━━━ Raw data ━━━

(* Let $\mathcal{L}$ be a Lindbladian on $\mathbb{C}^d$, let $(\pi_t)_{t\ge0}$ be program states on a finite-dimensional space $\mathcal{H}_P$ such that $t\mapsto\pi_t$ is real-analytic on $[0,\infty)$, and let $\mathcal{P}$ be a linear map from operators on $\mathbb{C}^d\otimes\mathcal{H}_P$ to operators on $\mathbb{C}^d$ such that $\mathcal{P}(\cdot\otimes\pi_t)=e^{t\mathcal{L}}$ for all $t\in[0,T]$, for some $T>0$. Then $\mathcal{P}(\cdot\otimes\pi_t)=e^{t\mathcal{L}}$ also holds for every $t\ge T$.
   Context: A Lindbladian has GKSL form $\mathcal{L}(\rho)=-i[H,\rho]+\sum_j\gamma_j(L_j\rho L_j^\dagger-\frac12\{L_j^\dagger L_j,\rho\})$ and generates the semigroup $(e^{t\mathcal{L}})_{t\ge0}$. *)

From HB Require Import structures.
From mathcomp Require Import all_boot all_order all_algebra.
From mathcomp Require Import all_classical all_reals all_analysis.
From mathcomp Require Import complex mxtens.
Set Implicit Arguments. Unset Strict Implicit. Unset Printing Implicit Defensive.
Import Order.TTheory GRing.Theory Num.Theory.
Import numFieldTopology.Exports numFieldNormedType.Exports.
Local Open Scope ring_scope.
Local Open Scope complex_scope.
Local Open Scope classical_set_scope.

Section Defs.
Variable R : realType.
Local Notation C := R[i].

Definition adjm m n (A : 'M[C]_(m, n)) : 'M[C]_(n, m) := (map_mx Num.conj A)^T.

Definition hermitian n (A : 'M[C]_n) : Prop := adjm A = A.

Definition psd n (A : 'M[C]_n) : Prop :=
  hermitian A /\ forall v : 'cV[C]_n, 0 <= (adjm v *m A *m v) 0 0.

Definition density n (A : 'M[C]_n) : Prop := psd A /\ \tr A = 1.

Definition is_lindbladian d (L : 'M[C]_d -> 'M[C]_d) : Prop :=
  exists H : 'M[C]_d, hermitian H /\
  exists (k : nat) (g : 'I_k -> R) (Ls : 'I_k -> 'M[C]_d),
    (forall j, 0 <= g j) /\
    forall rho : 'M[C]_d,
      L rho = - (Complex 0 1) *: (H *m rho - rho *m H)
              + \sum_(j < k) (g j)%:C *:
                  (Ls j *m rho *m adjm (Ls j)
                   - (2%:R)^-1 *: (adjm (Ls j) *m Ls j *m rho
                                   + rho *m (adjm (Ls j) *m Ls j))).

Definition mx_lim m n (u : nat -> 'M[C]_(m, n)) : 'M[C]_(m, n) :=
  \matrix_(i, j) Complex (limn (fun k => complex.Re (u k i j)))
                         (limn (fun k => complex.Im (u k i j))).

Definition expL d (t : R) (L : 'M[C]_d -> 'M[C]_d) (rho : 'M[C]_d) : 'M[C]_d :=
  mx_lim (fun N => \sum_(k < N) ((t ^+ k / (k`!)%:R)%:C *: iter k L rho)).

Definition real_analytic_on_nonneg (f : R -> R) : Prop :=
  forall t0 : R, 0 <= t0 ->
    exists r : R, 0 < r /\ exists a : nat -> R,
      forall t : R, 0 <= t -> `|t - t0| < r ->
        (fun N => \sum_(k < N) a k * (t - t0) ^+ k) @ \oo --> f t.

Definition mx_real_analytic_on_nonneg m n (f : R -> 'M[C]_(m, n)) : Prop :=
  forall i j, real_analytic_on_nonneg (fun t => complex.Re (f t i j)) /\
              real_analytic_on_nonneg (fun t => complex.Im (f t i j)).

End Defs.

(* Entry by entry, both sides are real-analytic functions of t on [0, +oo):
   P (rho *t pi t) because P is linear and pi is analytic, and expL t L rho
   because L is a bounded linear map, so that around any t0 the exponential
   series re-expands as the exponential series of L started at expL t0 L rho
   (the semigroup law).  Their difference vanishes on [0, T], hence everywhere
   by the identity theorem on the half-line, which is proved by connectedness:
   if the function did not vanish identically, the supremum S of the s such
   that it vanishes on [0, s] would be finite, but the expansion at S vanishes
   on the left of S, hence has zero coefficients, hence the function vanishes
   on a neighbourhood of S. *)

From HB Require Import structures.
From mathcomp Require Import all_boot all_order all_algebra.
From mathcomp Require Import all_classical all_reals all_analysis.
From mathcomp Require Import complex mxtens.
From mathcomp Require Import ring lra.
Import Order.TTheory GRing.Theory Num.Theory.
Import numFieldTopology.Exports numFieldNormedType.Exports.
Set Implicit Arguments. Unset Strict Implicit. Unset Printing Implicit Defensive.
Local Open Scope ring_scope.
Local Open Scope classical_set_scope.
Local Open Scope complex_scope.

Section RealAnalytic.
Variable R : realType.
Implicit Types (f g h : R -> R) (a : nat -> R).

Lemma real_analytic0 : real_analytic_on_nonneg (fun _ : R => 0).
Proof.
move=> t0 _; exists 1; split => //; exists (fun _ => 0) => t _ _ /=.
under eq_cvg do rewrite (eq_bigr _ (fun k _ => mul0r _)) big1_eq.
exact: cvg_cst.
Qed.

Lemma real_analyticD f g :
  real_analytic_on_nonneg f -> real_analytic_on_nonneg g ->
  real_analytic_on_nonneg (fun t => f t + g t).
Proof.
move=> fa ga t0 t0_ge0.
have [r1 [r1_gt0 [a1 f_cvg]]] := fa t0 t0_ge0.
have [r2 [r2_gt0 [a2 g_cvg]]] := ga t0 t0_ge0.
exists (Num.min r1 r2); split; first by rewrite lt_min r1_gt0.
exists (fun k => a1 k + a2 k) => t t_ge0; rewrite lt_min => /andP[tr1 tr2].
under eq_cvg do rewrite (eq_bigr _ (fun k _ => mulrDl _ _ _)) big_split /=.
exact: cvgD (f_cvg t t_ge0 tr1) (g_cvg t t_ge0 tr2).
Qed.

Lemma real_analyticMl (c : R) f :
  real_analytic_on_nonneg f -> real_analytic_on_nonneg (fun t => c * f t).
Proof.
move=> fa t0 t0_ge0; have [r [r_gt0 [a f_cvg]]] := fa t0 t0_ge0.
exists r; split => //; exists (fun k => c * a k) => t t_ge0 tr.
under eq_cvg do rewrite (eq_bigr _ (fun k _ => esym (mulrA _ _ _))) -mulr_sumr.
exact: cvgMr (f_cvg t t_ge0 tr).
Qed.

━━━

Task brief
Only lines of the data holding the word "under" go in the answer. Please copy each of them.

Response to the task
under eq_cvg do rewrite (eq_bigr _ (fun k _ => mul0r _)) big1_eq.
under eq_cvg do rewrite (eq_bigr _ (fun k _ => mulrDl _ _ _)) big_split /=.
under eq_cvg do rewrite (eq_bigr _ (fun k _ => esym (mulrA _ _ _))) -mulr_sumr.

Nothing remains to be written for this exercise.